■ Exercise ■
Would you please retype, exactly, the lines of the listing below between the line with "move=> [Ww Kw];" and the line with "Lemma Ds i : c", inclusive?

■ Supplied records ■
···
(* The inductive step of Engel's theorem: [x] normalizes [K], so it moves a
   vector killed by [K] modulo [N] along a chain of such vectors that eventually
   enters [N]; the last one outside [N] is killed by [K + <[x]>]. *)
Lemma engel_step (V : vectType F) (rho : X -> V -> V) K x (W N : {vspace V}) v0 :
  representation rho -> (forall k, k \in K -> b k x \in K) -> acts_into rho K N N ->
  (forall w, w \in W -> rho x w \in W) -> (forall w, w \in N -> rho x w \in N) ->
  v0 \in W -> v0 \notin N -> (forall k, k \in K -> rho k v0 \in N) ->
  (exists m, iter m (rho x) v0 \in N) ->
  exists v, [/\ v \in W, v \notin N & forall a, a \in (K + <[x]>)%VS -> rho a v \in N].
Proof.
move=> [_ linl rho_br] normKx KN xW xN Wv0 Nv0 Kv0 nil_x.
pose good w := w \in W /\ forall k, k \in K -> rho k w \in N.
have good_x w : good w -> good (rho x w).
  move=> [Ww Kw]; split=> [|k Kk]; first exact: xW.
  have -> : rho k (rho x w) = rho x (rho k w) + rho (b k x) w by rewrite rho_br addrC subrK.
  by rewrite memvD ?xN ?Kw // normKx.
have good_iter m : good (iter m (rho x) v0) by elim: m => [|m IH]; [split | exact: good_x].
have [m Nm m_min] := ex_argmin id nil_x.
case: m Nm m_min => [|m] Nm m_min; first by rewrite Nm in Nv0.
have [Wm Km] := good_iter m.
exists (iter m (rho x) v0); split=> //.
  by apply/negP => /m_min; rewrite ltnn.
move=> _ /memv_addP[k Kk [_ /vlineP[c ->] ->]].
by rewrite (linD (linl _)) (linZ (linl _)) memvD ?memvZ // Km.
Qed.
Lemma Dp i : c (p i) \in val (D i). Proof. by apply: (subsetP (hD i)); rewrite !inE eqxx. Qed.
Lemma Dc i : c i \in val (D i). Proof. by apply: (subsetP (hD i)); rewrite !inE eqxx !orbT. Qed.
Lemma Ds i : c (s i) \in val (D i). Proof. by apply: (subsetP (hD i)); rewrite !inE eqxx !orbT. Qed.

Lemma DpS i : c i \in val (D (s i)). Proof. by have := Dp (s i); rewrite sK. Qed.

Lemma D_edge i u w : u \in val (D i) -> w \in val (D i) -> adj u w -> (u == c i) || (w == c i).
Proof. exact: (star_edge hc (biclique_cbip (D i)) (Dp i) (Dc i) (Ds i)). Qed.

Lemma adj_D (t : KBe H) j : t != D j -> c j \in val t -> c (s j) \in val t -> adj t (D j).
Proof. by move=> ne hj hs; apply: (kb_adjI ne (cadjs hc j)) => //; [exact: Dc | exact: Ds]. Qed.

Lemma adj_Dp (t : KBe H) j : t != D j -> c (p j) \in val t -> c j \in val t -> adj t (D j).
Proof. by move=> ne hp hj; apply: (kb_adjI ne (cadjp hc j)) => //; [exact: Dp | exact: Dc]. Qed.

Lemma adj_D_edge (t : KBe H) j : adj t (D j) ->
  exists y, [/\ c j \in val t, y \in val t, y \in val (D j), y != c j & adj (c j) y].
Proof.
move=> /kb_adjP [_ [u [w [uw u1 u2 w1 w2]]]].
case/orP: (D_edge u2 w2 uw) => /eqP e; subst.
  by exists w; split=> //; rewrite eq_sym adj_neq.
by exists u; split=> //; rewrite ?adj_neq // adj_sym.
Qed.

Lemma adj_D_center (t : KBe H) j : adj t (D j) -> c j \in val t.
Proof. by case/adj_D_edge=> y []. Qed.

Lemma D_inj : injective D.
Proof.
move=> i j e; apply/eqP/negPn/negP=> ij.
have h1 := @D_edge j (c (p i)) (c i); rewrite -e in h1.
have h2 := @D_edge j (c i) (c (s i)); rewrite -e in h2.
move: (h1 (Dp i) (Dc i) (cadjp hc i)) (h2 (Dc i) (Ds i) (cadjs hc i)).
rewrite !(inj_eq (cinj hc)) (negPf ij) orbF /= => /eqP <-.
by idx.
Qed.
···
■ Problem solution ■
  move=> [Ww Kw]; split=> [|k Kk]; first exact: xW.
  have -> : rho k (rho x w) = rho x (rho k w) + rho (b k x) w by rewrite rho_br addrC subrK.
  by rewrite memvD ?xN ?Kw // normKx.
have good_iter m : good (iter m (rho x) v0) by elim: m => [|m IH]; [split | exact: good_x].
have [m Nm m_min] := ex_argmin id nil_x.
case: m Nm m_min => [|m] Nm m_min; first by rewrite Nm in Nv0.
have [Wm Km] := good_iter m.
exists (iter m (rho x) v0); split=> //.
  by apply/negP => /m_min; rewrite ltnn.
move=> _ /memv_addP[k Kk [_ /vlineP[c ->] ->]].
by rewrite (linD (linl _)) (linZ (linl _)) memvD ?memvZ // Km.
Qed.
Lemma Dp i : c (p i) \in val (D i). Proof. by apply: (subsetP (hD i)); rewrite !inE eqxx. Qed.
Lemma Dc i : c i \in val (D i). Proof. by apply: (subsetP (hD i)); rewrite !inE eqxx !orbT. Qed.
Lemma Ds i : c (s i) \in val (D i). Proof. by apply: (subsetP (hD i)); rewrite !inE eqxx !orbT. Qed.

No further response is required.